On Thursday, her meal also included a quarter of an avocado and a small scoop of sauerkraut
Lunch: Organic roast chicken as well as roasted, including those mentioned before, and steamed vegetables such as broccoli if she feels like it (all leftovers from the evening before)
Snacks: Grace will eat any fruit, her mother says, but her strawberries and bananas are her favorites
Dinner: Spaghetti bolognese with organic beef, using zucchini noodles in place of pasta noodles with organic tomato sauces
Dessert: Although Grace does not typically eat dessert, Grace’s mother made her a strawberry panna cotta with coconut cream for her first birthday in October.
‘She still had a cake, it just wasn’t full of flour and sugar,’ Ms. Cooper says.
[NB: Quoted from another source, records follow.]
(* Consider the one-cell system. Assume that at time $0$ the disk rotates with angular velocity $\hat\omega$ and that none of the particles which are inside the cell will collide with the disk before time $\tau>0$. Then, given any $\omega\in\mathbb{R}$ and any $0<\delta<\tau$, there exists a way to inject one particle into the cell through the left opening $\partial\Gamma_{\rm L}$ at time $0$ (with a suitable injection point and inward-pointing velocity) such that at time $\delta$ the disk has angular velocity $\omega$ and the injected particle has left the cell through $\partial\Gamma_{\rm L}$. The same holds with $\partial\Gamma_{\rm R}$ in place of $\partial\Gamma_{\rm L}$.
   Context: Cell geometry. Let $\Gamma_{\rm box}\subset\mathbb{R}^2$ be a bounded connected closed domain such that $(x,y)\in\Gamma_{\rm box}$ implies $x\in[0,L]$. Its boundary is $\partial\Gamma_{\rm box}=\partial\Gamma_{\rm L}\cup\partial\Gamma_{\rm R}\cup\bigcup_{k=1}^b\partial\Gamma_k$, where $\partial\Gamma_{\rm L}=\{(0,y):y\in[-a,a]\}$ and $\partial\Gamma_{\rm R}=\{(L,y):y\in[-a,a]\}$ are the two ''openings'' ($a>0$), and each $\partial\Gamma_k$ is an arc of a circle $C_k$ with center $c_k$, the arcs being oriented so that $\partial\Gamma_{\rm box}$ is everywhere dispersing (the arcs bulge into the domain). In the interior of $\Gamma_{\rm box}$ lies a closed disk $D$ of center $c=(L/2,0)$ and radius $r$ with $\partial D\cap\partial\Gamma_{\rm box}=\emptyset$, and for every $z\in\partial\Gamma_{\rm box}$ the segment $[c,z]$ meets $\partial\Gamma_{\rm box}$ only at $z$. The cell is $\Gamma=\Gamma_{\rm box}\setminus D$ (with boundary $\partial\Gamma=\partial\Gamma_{\rm box}\cup\partial D$); its corners $\partial\Gamma^*$ are the points where two of the boundary pieces (arcs or openings) meet. Dynamics. Point particles move in straight lines with constant velocity inside $\Gamma$ and do not interact with each other. The disk has an angular position $\phi\in[0,2\pi)$ and angular velocity $\omega\in\mathbb{R}$ with $\dot\phi=\omega$ between collisions. At a point $q$ of $\partial\Gamma$ write the particle velocity as $v=v^{\rm n}e_{\rm n}+v^{\rm t}e_{\rm t}$ with $e_{\rm n}$ the outward unit normal and $e_{\rm t}$ the unit tangent. Collision rules (primes denote values after collision; positions and $\phi$ are unchanged): (1) if $q\in\partial\Gamma_{\rm L}\cup\partial\Gamma_{\rm R}$, the particle continues straight and leaves the cell; (2) if $q\in\partial\Gamma_{\rm box}\setminus(\partial\Gamma_{\rm L}\cup\partial\Gamma_{\rm R})$, then $(v^{\rm n})'=-v^{\rm n}$, $(v^{\rm t})'=v^{\rm t}$ (specular reflection); (3) if $q\in\partial D$, then $(v^{\rm n})'=-v^{\rm n}$, $(v^{\rm t})'=\omega$, $\omega'=v^{\rm t}$. Heat baths. Particles may be injected into the cell at any time through $\partial\Gamma_{\rm L}$ or $\partial\Gamma_{\rm R}$, at any point of the opening and with any velocity pointing into the cell; a realization of the injection process on a time interval is the finite collection of such injection times, points and velocities. Every open set of realizations is assumed to have positive probability. *)

From Stdlib Require Import Reals Lra List.
Import ListNotations.
Open Scope R_scope.

Definition pt := (R * R)%type.
Definition padd (p q : pt) : pt := (fst p + fst q, snd p + snd q).
Definition psub (p q : pt) : pt := (fst p - fst q, snd p - snd q).
Definition pscal (s : R) (p : pt) : pt := (s * fst p, s * snd p).
Definition dot (p q : pt) : R := fst p * fst q + snd p * snd q.
Definition dist (p q : pt) : R := sqrt (dot (psub p q) (psub p q)).

Definition interior (S : pt -> Prop) (x : pt) : Prop :=
  exists e, 0 < e /\ forall y, dist x y < e -> S y.
Definition closure (S : pt -> Prop) (x : pt) : Prop :=
  forall e, 0 < e -> exists y, S y /\ dist x y < e.
Definition boundary (S : pt -> Prop) (x : pt) : Prop :=
  closure S x /\ ~ interior S x.
Definition is_open (S : pt -> Prop) : Prop := forall x, S x -> interior S x.
Definition is_closed (S : pt -> Prop) : Prop := forall x, closure S x -> S x.
Definition bounded (S : pt -> Prop) : Prop :=
  exists M, forall x, S x -> dist x (0, 0) <= M.
Definition connected (S : pt -> Prop) : Prop :=
  ~ exists U V : pt -> Prop,
      is_open U /\ is_open V /\
      (forall x, S x -> U x \/ V x) /\
      (exists x, S x /\ U x) /\ (exists x, S x /\ V x) /\
      (forall x, ~ (S x /\ U x /\ V x)).

Record cell := Cell {
  cL : R;
  ca : R;                 (* half-height a of the openings *)
  Gbox : pt -> Prop;
  nb : nat;               (* number b of arcs; arcs indexed by k < nb *)
  arc_center : nat -> pt;
  arc_radius : nat -> R;
  arc_from : nat -> R;    (* arc k = { c_k + rho_k (cos t, sin t) | from <= t <= to } *)
  arc_to : nat -> R;
  cr : R
}.

Definition dcenter (C : cell) : pt := (cL C / 2, 0).

Definition onL (C : cell) (x : pt) : Prop := fst x = 0 /\ - ca C <= snd x <= ca C.
Definition onR (C : cell) (x : pt) : Prop := fst x = cL C /\ - ca C <= snd x <= ca C.
Definition onArc (C : cell) (k : nat) (x : pt) : Prop :=
  exists t, arc_from C k <= t <= arc_to C k /\
    x = padd (arc_center C k) (pscal (arc_radius C k) (cos t, sin t)).

Inductive piece := PL | PR | PA (k : nat).
Definition valid_piece (C : cell) (p : piece) : Prop :=
  match p with PA k => (k < nb C)%nat | _ => True end.
Definition onPiece (C : cell) (p : piece) (x : pt) : Prop :=
  match p with PL => onL C x | PR => onR C x | PA k => onArc C k x end.
Definition corner (C : cell) (x : pt) : Prop :=
  exists p1 p2, p1 <> p2 /\ valid_piece C p1 /\ valid_piece C p2 /\
    onPiece C p1 x /\ onPiece C p2 x.

Definition cell_ok (C : cell) : Prop :=
  0 < cL C /\ 0 < ca C /\ 0 < cr C /\
  bounded (Gbox C) /\ is_closed (Gbox C) /\ connected (Gbox C) /\
  (forall x, Gbox C x <-> closure (interior (Gbox C)) x) /\
  (forall x, Gbox C x -> 0 <= fst x <= cL C) /\
  (forall k, (k < nb C)%nat ->
     0 < arc_radius C k /\ arc_from C k < arc_to C k < arc_from C k + 2 * PI) /\
  (forall x, boundary (Gbox C) x <->
     (onL C x \/ onR C x \/ exists k, (k < nb C)%nat /\ onArc C k x)) /\
  (* dispersing: near each arc point, Gamma_box lies outside the circle C_k *)
  (forall k, (k < nb C)%nat -> forall z, onArc C k z ->
     exists e, 0 < e /\ forall y, dist y z < e ->
       dist y (arc_center C k) < arc_radius C k -> ~ Gbox C y) /\
  (forall x, dist x (dcenter C) <= cr C -> interior (Gbox C) x) /\
  (forall x, dist x (dcenter C) = cr C -> ~ boundary (Gbox C) x) /\
  (forall z, boundary (Gbox C) z -> forall s, 0 <= s < 1 ->
     ~ boundary (Gbox C) (padd (dcenter C) (pscal s (psub z (dcenter C))))).

Definition inGamma (C : cell) (x : pt) : Prop := Gbox C x /\ cr C <= dist x (dcenter C).
Definition intGamma (C : cell) (x : pt) : Prop :=
  interior (Gbox C) x /\ cr C < dist x (dcenter C).
Definition onDisk (C : cell) (x : pt) : Prop := dist x (dcenter C) = cr C.

(** normals (outward w.r.t. Gamma) and tangent *)
Definition diskN (C : cell) (q : pt) : pt := pscal (/ cr C) (psub (dcenter C) q).
Definition arcN (C : cell) (k : nat) (q : pt) : pt :=
  pscal (/ arc_radius C k) (psub (arc_center C k) q).
(* unit tangent e_t: e_n rotated by +pi/2 (fixes the sign convention for omega) *)
Definition tang (n : pt) : pt := (- snd n, fst n).
Definition reflect (n v : pt) : pt := psub v (pscal (2 * dot v n) n).

Record event := Ev { etime : R; epos : pt; evin : pt; evout : pt }.

Definition is_exit (C : cell) (e : event) : Prop := onL C (epos e) \/ onR C (epos e).
Definition is_disk_ev (C : cell) (e : event) : Prop := onDisk C (epos e).

Definition free_flight (C : cell) (t0 : R) (x0 v0 : pt) (t1 : R) : Prop :=
  forall s, t0 < s < t1 -> intGamma C (padd x0 (pscal (s - t0) v0)).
For instance, take a look at the nutritional values of two 71- gram servings of commercial banana purees and an actual mashed banana:
Sugar: 8.7 grams (naturally occurring )
Sodium: < 1 milligram
Fiber: 1.8 grams
Earth’s Best 1st Bananas
Sugar: 12 grams
Sodium: 20 milligrams
Fiber: 1 gram
*4 grams = 1 teaspoon of sugar
Gerber 1st Foods Banana Purée
Sugar: 13 grams
Sodium: 5 milligrams
Fiber: < 1 gram
How this happened
Shan, Grace’s mom, stated publicly that when her daughter is old enough to understand what she likes and doesn’t like, she is not going to force a strict diet on her, she is just trying to create a solid foundation for the future of her child’s health. Which seems completely fair to me.
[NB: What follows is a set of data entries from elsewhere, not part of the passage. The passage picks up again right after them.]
(* u is a primitive of the closed form alpha; the coordinates are (u, psi). *)
Lemma null_coordinates (p : pt) : U p -> (exists c, partial c psi p <> 0) ->
  exists (V : pt -> Prop) (u v : pt -> R),
    open V /\ V p /\ (forall q, V q -> U q) /\
    coord_system V u v /\ metric_is_du_dv V g u v /\ (forall q, V q -> psi q = v q).
Proof.
  intros Up [c Hc].
  set (W := fun q => U q /\ partial c psi q <> 0).
  assert (HW : open W) by apply open_partial_psi_neq0.
  destruct (box_of_open W p HW (conj Up Hc)) as [r [Hr Hbox]].
  assert (Hclosed : forall q, W q -> partial true (alpha c false) q = partial false (alpha c true) q)
    by (intros q [Uq Hq]; apply alpha_closed; auto).
  set (u := primitive (alpha c false) (alpha c true) p).
  assert (Su : smooth_on (box p r) u) by (apply (primitive_smooth W); auto; apply alpha_smooth).
  assert (Du : forall q, box p r q -> partial false u q = alpha c false q /\ partial true u q = alpha c true q).
  { intros q Bq. split; [apply (partial_primitive0 W _ _ p r) | apply (partial_primitive1 W _ _ p r)];
      auto; apply alpha_smooth. }
  assert (Spsi : smooth_on (box p r) psi) by (apply (smooth_sub U); auto; intros q Bq; apply Hbox; auto).
  destruct (injective_near (box p r) u psi p (open_box p r) (box_center p r Hr) Su Spsi)
    as [r' [Hr' [Hsub Hinj]]].
  { destruct (Du p (box_center p r Hr)) as [-> ->]. apply alpha_dpsi_det_neq0; auto. }
  assert (Hsub' : forall q, box p r' q -> W q) by auto.
  exists (box p r'), u, psi.
  split; [apply open_box|]. split; [apply box_center; auto|].
  split; [intros q Bq; apply Hsub'; auto|].
  split; [split; [|split; [|split]] | split; [|reflexivity]].
  - apply (smooth_sub (box p r)); auto.
  - apply (smooth_sub (box p r)); auto.
  - intros q q' Bq Bq'. apply Hinj; auto.
  - intros q Bq. destruct (Du q (Hsub q Bq)) as [-> ->].
    destruct (Hsub' q Bq) as [Uq Hq]. apply alpha_dpsi_det_neq0; auto.
  - intros q Bq i j. destruct (Du q (Hsub q Bq)) as [E0 E1].
    destruct (Hsub' q Bq) as [Uq Hq].
    rewrite (metric_alpha_dpsi c q i j Uq Hq).
    destruct i, j; rewrite ?E0, ?E1; reflexivity.
Qed.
According to Shan, “If she eats a piece of bread I’m not going to have a conniption,” Shan told the Daily Mail when the girl was only 13 months old. “She’s going to go to kids’ parties and eat what’s there.
I’m never going to go to Grace, ‘You can’t eat anything at this party, but I packed you some kale, here you go.’’
Shan had been struggling with various food allergies for many years, which had already given her the inspiration that was needed to redesign her diet around them. This prompted her decision to cut out dairy, gluten, and processed foods.
When her baby daughter, Grace was born, it only just made sense to continue this diet and to carry it on to her little one.
When it comes to the safe amount of sugar our children can consume, according to Dr. Svetlana Pomerantes, MD:
“Let’s start by looking at the American Heart Association (AHA) recommendations. The new guidelines call for less than 25 grams (6 teaspoons) of sugar per day for children ages 2 to 18 years. That includes no more than 8 ounces of sugar-sweetened drinks per week. I advise parents to read food labels, find ‘sugar,’ and do the math — every 4 grams of sugar equals 1 teaspoon. “
“The worst sugars are in processed foods, sports drinks, pop, desserts, and fruit juice. Don’t rush to introduce fruit juice — it has no nutritional value.”
Similarly, Dr. Edward Gaydos, DO, says:
“Children younger than 2 years should have no sugar at all”, and adds that “eating brings joy, but that joy should be geared toward the process of satisfying hunger and spending time with family. Children can’t choose a well-balanced diet. But adults can, and should — right from the beginning.”
Sugar is highly addictive and leads to obesity and type-2 diabetes, you should work hard to lower your child’s consumption of refined sugars, and here are some useful tips:
–Lower your sugar intake to set an example
-Try to eat at home as often as possible
-Try to explain the benefits of healthy foods and make sure you have food rules when going out
-Avoid keeping sugar-rich foods at home
-Explain your goals to other members of your family, so they can support you
-Do not reward your children with candy
Yet, if you have a sweet tooth, do not despair, as you do not need to forget about desserts if you decide to ditch refined sugar from your diet, since there are perfectly healthy alternatives you can use instead, like honey and pure maple syrup.